Locate the line that contains "End Matchings." in the entries below, then repeat it and every following line through the line that contains "Lemma alt_nth (c", exactly, and no others.

========================

(* Let $(X,\|\cdot\|_X)\subset(Y,\|\cdot\|_Y)$ be normed spaces, $a\ge0$, $m\in\mathbb N_*$, $\theta>0$, and set $\gamma=\frac{\theta}{2m+\theta}$, $b=\frac{2ma}{2m+\theta}$. Then $S_{\theta,m,a}(X,Y)=K_{\gamma,b}(X,Y)$, and there is a constant $C$ (depending only on $\theta,m,a$) such that for every $y\in Y$, $$\frac1C\rho^{X,Y}_{\theta,m,a}(y)\le|y|_{\gamma,b}\le C\big(\|y\|_Y+\rho^{X,Y}_{\theta,m,a}(y)\big).$$
   Context: $K(y,t)=\inf_{x\in X}(\|y-x\|_Y+t\|x\|_X)$; $|y|_{\gamma,b}=\int_0^1t^{-\gamma}|\ln t|^bK(y,t)\frac{dt}t$; $K_{\gamma,b}(X,Y)=\{y\in Y:|y|_{\gamma,b}<\infty\}$. For a sequence $(x_n)_{n\ge1}\subset X$, $\pi_{\theta,m,a}(y,(x_n)_n)=\sum_{n\ge1}\big(2^{n\theta}n^a\|y-x_n\|_Y+2^{-2nm}\|x_n\|_X\big)$; $\rho^{X,Y}_{\theta,m,a}(y)=\inf_{(x_n)\subset X}\pi_{\theta,m,a}(y,(x_n)_n)$; $S_{\theta,m,a}(X,Y)=\{y\in Y:\rho^{X,Y}_{\theta,m,a}(y)<\infty\}$. *)

From Stdlib Require Import Reals Classical ClassicalEpsilon.
Open Scope R_scope.

Inductive ER : Type := Fin (r : R) | PInf.

Definition ER_le (x y : ER) : Prop :=
  match x, y with
  | _, PInf => True
  | PInf, Fin _ => False
  | Fin a, Fin b => a <= b
  end.

Definition ER_plus (x y : ER) : ER :=
  match x, y with
  | Fin a, Fin b => Fin (a + b)
  | _, _ => PInf
  end.

Definition ER_scal (c : R) (x : ER) : ER :=
  match x with Fin a => Fin (c * a) | PInf => PInf end.

(** Supremum of a set of reals (junk value 0 if empty / unbounded). *)
Definition Rsup (E : R -> Prop) : R :=
  match excluded_middle_informative (bound E /\ exists x, E x) with
  | left H => proj1_sig (completeness E (proj1 H) (proj2 H))
  | right _ => 0
  end.

(** Infimum of a set of reals (used only for sets bounded below). *)
Definition Rinf (E : R -> Prop) : R := - Rsup (fun r => E (- r)).

Definition ER_sup (E : R -> Prop) : ER :=
  match excluded_middle_informative (bound E) with
  | left _ => Fin (Rsup E)
  | right _ => PInf
  end.

Definition ER_inf (E : ER -> Prop) : ER :=
  match excluded_middle_informative (exists r, E (Fin r)) with
  | left _ => Fin (Rinf (fun r => E (Fin r)))
  | right _ => PInf
  end.

Definition series_val (u : nat -> R) : ER :=
  ER_sup (fun s => exists N : nat, s = sum_f_R0 (fun k => u (S k)) N).
(* Consider a run of \textsc{1-2-MinGreedy} on a finite simple undirected graph $G=(V,E)$ producing $M$, and a maximum matching $M^*$ such that each component of $(V,M\cup M^* )$ with an edge is an edge of $M\cap M^*$ or an $M$-$M^*$-path. Let $X$ be an $M$-$M^*$-path created in the step in which $u$ is matched with $v$, and assume that a degree-1 endpoint exists after creation of $X$. Then the node $u'$ selected by the algorithm in the next step is either (a) an $M^*$-neighbor of $u$ or $v$ in $X$, or (b) a neighbor of $u$ or $v$ via an edge of $F$ that belongs to a component $Y\neq X$ of $(V,M\cup M^* )$.
   Context: \textsc{1-2-MinGreedy}: starting with $M=\emptyset$ and until no edges remain in the current graph, if every node has current degree at least $3$ select an arbitrary edge $\{u,v\}$ (call $u$ the selected node), otherwise select an arbitrary node $u$ of minimum non-zero current degree and an arbitrary neighbor $v$; add $\{u,v\}$ to $M$ and remove all edges incident with $u$ or $v$. An $M$-$M^*$-path is a component of $(V,M\cup M^* )$ that is an alternating path starting and ending with an $M^*$-edge, with $m\geq1$ edges of $M$ and $m+1$ edges of $M^*$; its endpoints are its two $M$-uncovered end nodes. The creation step of $X$ is the step in which the first $M$-edge of $X$ is picked. $F=E\setminus(M\cup M^* )$. For an endpoint $w$, an edge $\{v,w\}\in F$ is a transfer from $v$ to $w$ if, in the step in which $v$ is matched, the current degree of $w$ drops to at most $1$; such a transfer is canceled if at the moment $w$ has current degree $1$ with the single remaining edge $\{v,w\}\in F$, $w$ is already the target of two transfers from nodes matched earlier. A debit is a non-canceled transfer. A degree-1 endpoint exists after creation of $X$ if $u$ or $v$ pays a debit to some endpoint $w$ and $w$ has current degree exactly $1$ immediately after the creation step. *)

From mathcomp Require Import all_boot.
Set Implicit Arguments. Unset Strict Implicit. Unset Printing Implicit Defensive.

Section OneTwoMinGreedy.
Variable V : finType.

Definition simple_graph (adj : rel V) := symmetric adj /\ irreflexive adj.

Definition edges (adj : rel V) : {set {set V}} :=
  [set e : {set V} | [exists x, exists y, adj x y && (e == [set x; y])]].

Definition is_matching (adj : rel V) (N : {set {set V}}) :=
  N \subset edges adj /\
  (forall e1 e2, e1 \in N -> e2 \in N -> e1 != e2 -> [disjoint e1 & e2]).

Definition maximum_matching (adj : rel V) (N : {set {set V}}) :=
  is_matching adj N /\ (forall N', is_matching adj N' -> #|N'| <= #|N|).

(* A run of the algorithm is the sequence s of picked pairs (u_j, v_j),
   u_j being the selected node of step j (steps numbered 0, 1, ...).
   [covered s j x]: x is matched in one of the first j steps. *)
Definition covered (s : seq (V * V)) (j : nat) (x : V) : bool :=
  has (fun p : V * V => (p.1 == x) || (p.2 == x)) (take j s).

Definition present (adj : rel V) (s : seq (V * V)) (j : nat) (x y : V) : bool :=
  [&& adj x y, ~~ covered s j x & ~~ covered s j y].

(* current degree of w before step j (= after j steps) *)
Definition cdeg (adj : rel V) (s : seq (V * V)) (j : nat) (w : V) : nat :=
  #|[set y | present adj s j w y]|.

Definition step_ok (adj : rel V) (s : seq (V * V)) (j : nat) (uv : V * V) : bool :=
  present adj s j uv.1 uv.2 &&
  ([exists w, 0 < cdeg adj s j w < 3] ==>
     ((0 < cdeg adj s j uv.1) &&
      [forall w, (0 < cdeg adj s j w) ==> (cdeg adj s j uv.1 <= cdeg adj s j w)])).

Definition is_run (adj : rel V) (s : seq (V * V)) :=
  (forall j d, j < size s -> step_ok adj s j (nth d s j)) /\
  (forall x y, ~~ present adj s (size s) x y).

Definition matching_of (s : seq (V * V)) : {set {set V}} :=
  [set [set p.1; p.2] | p : V * V in s].

Definition matched_at (s : seq (V * V)) (j : nat) (x : V) : bool :=
  covered s j.+1 x && ~~ covered s j x.

Definition hadj (M Ms : {set {set V}}) : rel V :=
  fun x y => [set x; y] \in M :|: Ms.

Fixpoint alt (M Ms : {set {set V}}) (b : bool) (x : V) (r : seq V) : bool :=
  if r is y :: r' then
    ([set x; y] \in (if b then Ms else M)) && alt M Ms (~~ b) y r'
  else true.

(* p = [x_0; ...; x_{2m+1}] is (the node sequence of) a component of
   (V, M ∪ M* ) which is an alternating path starting and ending with an
   M*-edge, with m >= 1 edges of M: the nodes are distinct, the consecutive
   edges alternate M*, M, ..., M*, and every (M ∪ M* )-edge at a node of p
   joins two consecutive nodes of p (so the node set of p is a whole
   component and carries no further edges). *)
Definition is_MMpath (M Ms : {set {set V}}) (p : seq V) : bool :=
  match p with
  | [::] => false
  | x :: r =>
    [&& uniq p, odd (size r), 3 <= size r, alt M Ms true x r &
     [forall a, forall b, ((a \in p) && hadj M Ms a b) ==>
        ((b \in p) && ((index b p == (index a p).+1) ||
                       (index a p == (index b p).+1)))]]
  end.

Definition is_endpoint (M Ms : {set {set V}}) (w : V) :=
  exists p, is_MMpath M Ms p /\ (w = head w p \/ w = last w p).

Definition Fedges (adj : rel V) (M Ms : {set {set V}}) : {set {set V}} :=
  edges adj :\: (M :|: Ms).

Definition transfer_at (adj : rel V) (s : seq (V * V)) (Ms : {set {set V}})
    (v w : V) (j : nat) :=
  is_endpoint (matching_of s) Ms w /\
  [set v; w] \in Fedges adj (matching_of s) Ms /\
  matched_at s j v /\
  cdeg adj s j.+1 w <= 1 /\ cdeg adj s j.+1 w < cdeg adj s j w.

Definition canceled_at (adj : rel V) (s : seq (V * V)) (Ms : {set {set V}})
    (v w : V) (j : nat) :=
  transfer_at adj s Ms v w j /\
  cdeg adj s j w = 1 /\ present adj s j w v /\
  exists v1 v2 j1 j2, v1 != v2 /\ j1 < j /\ j2 < j /\
    transfer_at adj s Ms v1 w j1 /\ transfer_at adj s Ms v2 w j2.

Definition debit (adj : rel V) (s : seq (V * V)) (Ms : {set {set V}}) (v w : V) :=
  exists j, transfer_at adj s Ms v w j /\ ~ canceled_at adj s Ms v w j.

Definition degree1_endpoint (adj : rel V) (s : seq (V * V)) (Ms : {set {set V}})
    (i : nat) (u v : V) :=
  exists y w, (y = u \/ y = v) /\ debit adj s Ms y w /\ cdeg adj s i.+1 w = 1.

End OneTwoMinGreedy.

From mathcomp Require Import all_boot zify.
Set Implicit Arguments. Unset Strict Implicit. Unset Printing Implicit Defensive.

(* After the creation step some endpoint has current degree 1, so the node u'
   selected next has current degree 1.  Before the creation step no node had
   degree 1: u was selected although it had two uncovered neighbours, v and its
   M*-partner on X (no node of X is covered before X is created).  So the degree
   of u' dropped in the creation step, i.e. u' is adjacent to u or v.  Such an
   edge is either an M*-edge, which keeps u' on X (case (a)), or an F-edge.  If
   u' lies on X but is not M*-adjacent to u or v, its M*-partner on X is still
   present; as u' has degree 1 it is the node v' matched with u', and {u', v'}
   would be an edge of both M and M* on X, which an alternating path cannot
   contain. *)

Section Matchings.
Variable V : finType.
Implicit Types (a b c d x y z : V) (adj : rel V) (N : {set {set V}}).

Lemma set2_eq_cases a b c d : [set a; b] = [set c; d] ->
  (a = c /\ b = d) \/ (a = d /\ b = c).
Proof.
move=> E.
have /set2P ha : a \in [set c; d] by rewrite -E set21.
have /set2P hb : b \in [set c; d] by rewrite -E set22.
have /set2P hc : c \in [set a; b] by rewrite E set21.
have /set2P hd : d \in [set a; b] by rewrite E set22.
by case: ha hb hc hd => ? [] ? [] ? [] ?; subst; auto.
Qed.

Lemma eq_set2r x y z : [set x; y] = [set x; z] -> y = z.
Proof. by case/set2_eq_cases => [[_ ->]|[-> ->]]. Qed.

Lemma mem_edges adj x y : symmetric adj -> ([set x; y] \in edges adj) = adj x y.
Proof.
move=> sym; apply/idP/idP => [|axy]; last first.
  by rewrite inE; apply/existsP; exists x; apply/existsP; exists y; rewrite axy eqxx.
rewrite inE => /existsP [a /existsP [b /andP [hab /eqP E]]].
by case: (set2_eq_cases E) => [[-> ->]|[-> ->]]; rewrite // sym.
Qed.

Lemma matching_adj adj N x y : symmetric adj -> is_matching adj N ->
  [set x; y] \in N -> adj x y.
Proof. by move=> sym [sub _] hxy; rewrite -mem_edges // (subsetP sub _ hxy). Qed.

Definition unique_partner N :=
  forall x y z, [set x; y] \in N -> [set x; z] \in N -> y = z.

Lemma matching_unique_partner adj N : is_matching adj N -> unique_partner N.
Proof.
move=> [_ disj] x y z hy hz.
have [E|nE] := eqVneq [set x; y] [set x; z]; first exact: eq_set2r E.
have := disj _ _ hy hz nE; rewrite -setI_eq0 => /eqP hI.
have : x \in [set x; y] :&: [set x; z] by rewrite inE !set21.
by rewrite hI inE.
Qed.

Lemma uniq_nth_partner N (p : seq V) t d : uniq p -> unique_partner N ->
  t.+2 < size p ->
  [set nth d p t.+1; nth d p t] \in N -> [set nth d p t.+1; nth d p t.+2] \in N ->
  False.
Proof.
move=> up uN ht h1 h2; have /eqP := uN _ _ _ h1 h2.
by rewrite nth_uniq // ?(ltnW (ltnW ht)); lia.
Qed.

End Matchings.

Section MMPaths.
Variables (V : finType) (M Ms : {set {set V}}).
Implicit Types (a b z : V) (p : seq V).

Lemma alt_nth (c : bool) (x : V) r t d : alt M Ms c x r -> t < size r ->
  [set nth d (x :: r) t; nth d (x :: r) t.+1] \in (if odd t (+) c then Ms else M).
Proof.
elim: r c x t => [|y r IH] c x t //= /andP [hxy halt].
case: t => [|t] /= ht; first by case: c hxy halt.
by have := IH (~~ c) y t halt ht; rewrite addbN -addNb.
Qed.

Lemma MMpath_shape p : is_MMpath M Ms p -> [/\ uniq p, ~~ odd (size p) & 3 < size p].
Proof. by case: p => // x r /and5P [up /= -> ? _ _]; rewrite negbK. Qed.

Lemma MMpath_edge p t d : is_MMpath M Ms p -> t.+1 < size p ->
  [set nth d p t; nth d p t.+1] \in (if odd t then M else Ms).
Proof.
case: p => // x r /and5P [_ _ _ halt _] ht.
by have := alt_nth d halt ht; rewrite addbT; case: (odd t).
Qed.

Lemma MMpath_hadj p a b : is_MMpath M Ms p -> a \in p -> hadj M Ms a b ->
  (b \in p) && ((index b p == (index a p).+1) || (index a p == (index b p).+1)).
Proof.
case: p => // x r /and5P [_ _ _ _ /forallP closed] ha hab.
by move: (closed a) => /forallP /(_ b) /implyP; apply; rewrite ha hab.
Qed.

Lemma MMpath_closed p a b : is_MMpath M Ms p -> a \in p -> hadj M Ms a b -> b \in p.
Proof. by move=> Hp ha /(MMpath_hadj Hp ha) /andP []. Qed.

Lemma MMpath_Ms_partner p z : is_MMpath M Ms p -> z \in p ->
  exists2 a, a \in p & [set z; a] \in Ms.
Proof.
move=> Hp hz; have [_ ev _] := MMpath_shape Hp.
have ez : nth z p (index z p) = z by rewrite nth_index.
have hk : index z p < size p by rewrite index_mem.
case ok: (odd (index z p)).
- case: (index z p) ok ez hk => [//|k] /= ok ez hk.
  exists (nth z p k); first exact: mem_nth (ltnW hk).
  by have := MMpath_edge z Hp hk; rewrite (negbTE ok) ez setUC.
- have hk1 : (index z p).+1 < size p.
    by rewrite ltn_neqAle hk andbT; apply: contraNneq ev => <- /=; rewrite ok.
  exists (nth z p (index z p).+1); first exact: mem_nth.
  by have := MMpath_edge z Hp hk1; rewrite ok ez.
Qed.

Lemma MMpath_edge_not_common p t d : unique_partner M -> unique_partner Ms ->
  is_MMpath M Ms p -> t.+1 < size p ->
  [set nth d p t; nth d p t.+1] \in M -> [set nth d p t; nth d p t.+1] \in Ms -> False.
Proof.
move=> uM uMs Hp ht inM inMs; have [up _ big] := MMpath_shape Hp.
case ot: (odd t).
- case: t ot ht inM inMs => [//|t] /= ot ht inM inMs.
  have := MMpath_edge d Hp (ltnW ht); rewrite (negbTE ot) => prev.
  by apply: (uniq_nth_partner up uMs ht _ inMs); rewrite setUC.
- have [ht2|ht2] := ltnP t.+2 (size p).
    have := MMpath_edge d Hp ht2; rewrite /= ot => next.
    by apply: (uniq_nth_partner up uM ht2 _ next); rewrite setUC.
  (* the last edge of the path: the edge before it is an M-edge *)
  case: t ot ht inM inMs ht2 => [|t] /= ot ht inM inMs ht2; first lia.
  have := MMpath_edge d Hp (ltnW ht); rewrite (negbFE ot) => prev.
  by apply: (uniq_nth_partner up uM ht _ inM); rewrite setUC.
Qed.

Lemma MMpath_no_common_edge p a b : unique_partner M -> unique_partner Ms ->
  is_MMpath M Ms p -> a \in p -> [set a; b] \in M -> [set a; b] \in Ms -> False.
Proof.
move=> uM uMs Hp ha inM inMs.
have hab : hadj M Ms a b by rewrite /hadj inE inM.
have /andP [hb /orP [] /eqP e] := MMpath_hadj Hp ha hab.
- apply: (MMpath_edge_not_common (t := index a p) (d := a) uM uMs Hp).
  + by rewrite -e index_mem.
  + by rewrite -e !nth_index.
  + by rewrite -e !nth_index.
- apply: (MMpath_edge_not_common (t := index b p) (d := a) uM uMs Hp).
  + by rewrite -e index_mem.
  + by rewrite -e !nth_index // setUC.
  + by rewrite -e !nth_index // setUC.
Qed.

========================

EXERCISE RESULT -
End Matchings.

Section MMPaths.
Variables (V : finType) (M Ms : {set {set V}}).
Implicit Types (a b z : V) (p : seq V).

Lemma alt_nth (c : bool) (x : V) r t d : alt M Ms c x r -> t < size r ->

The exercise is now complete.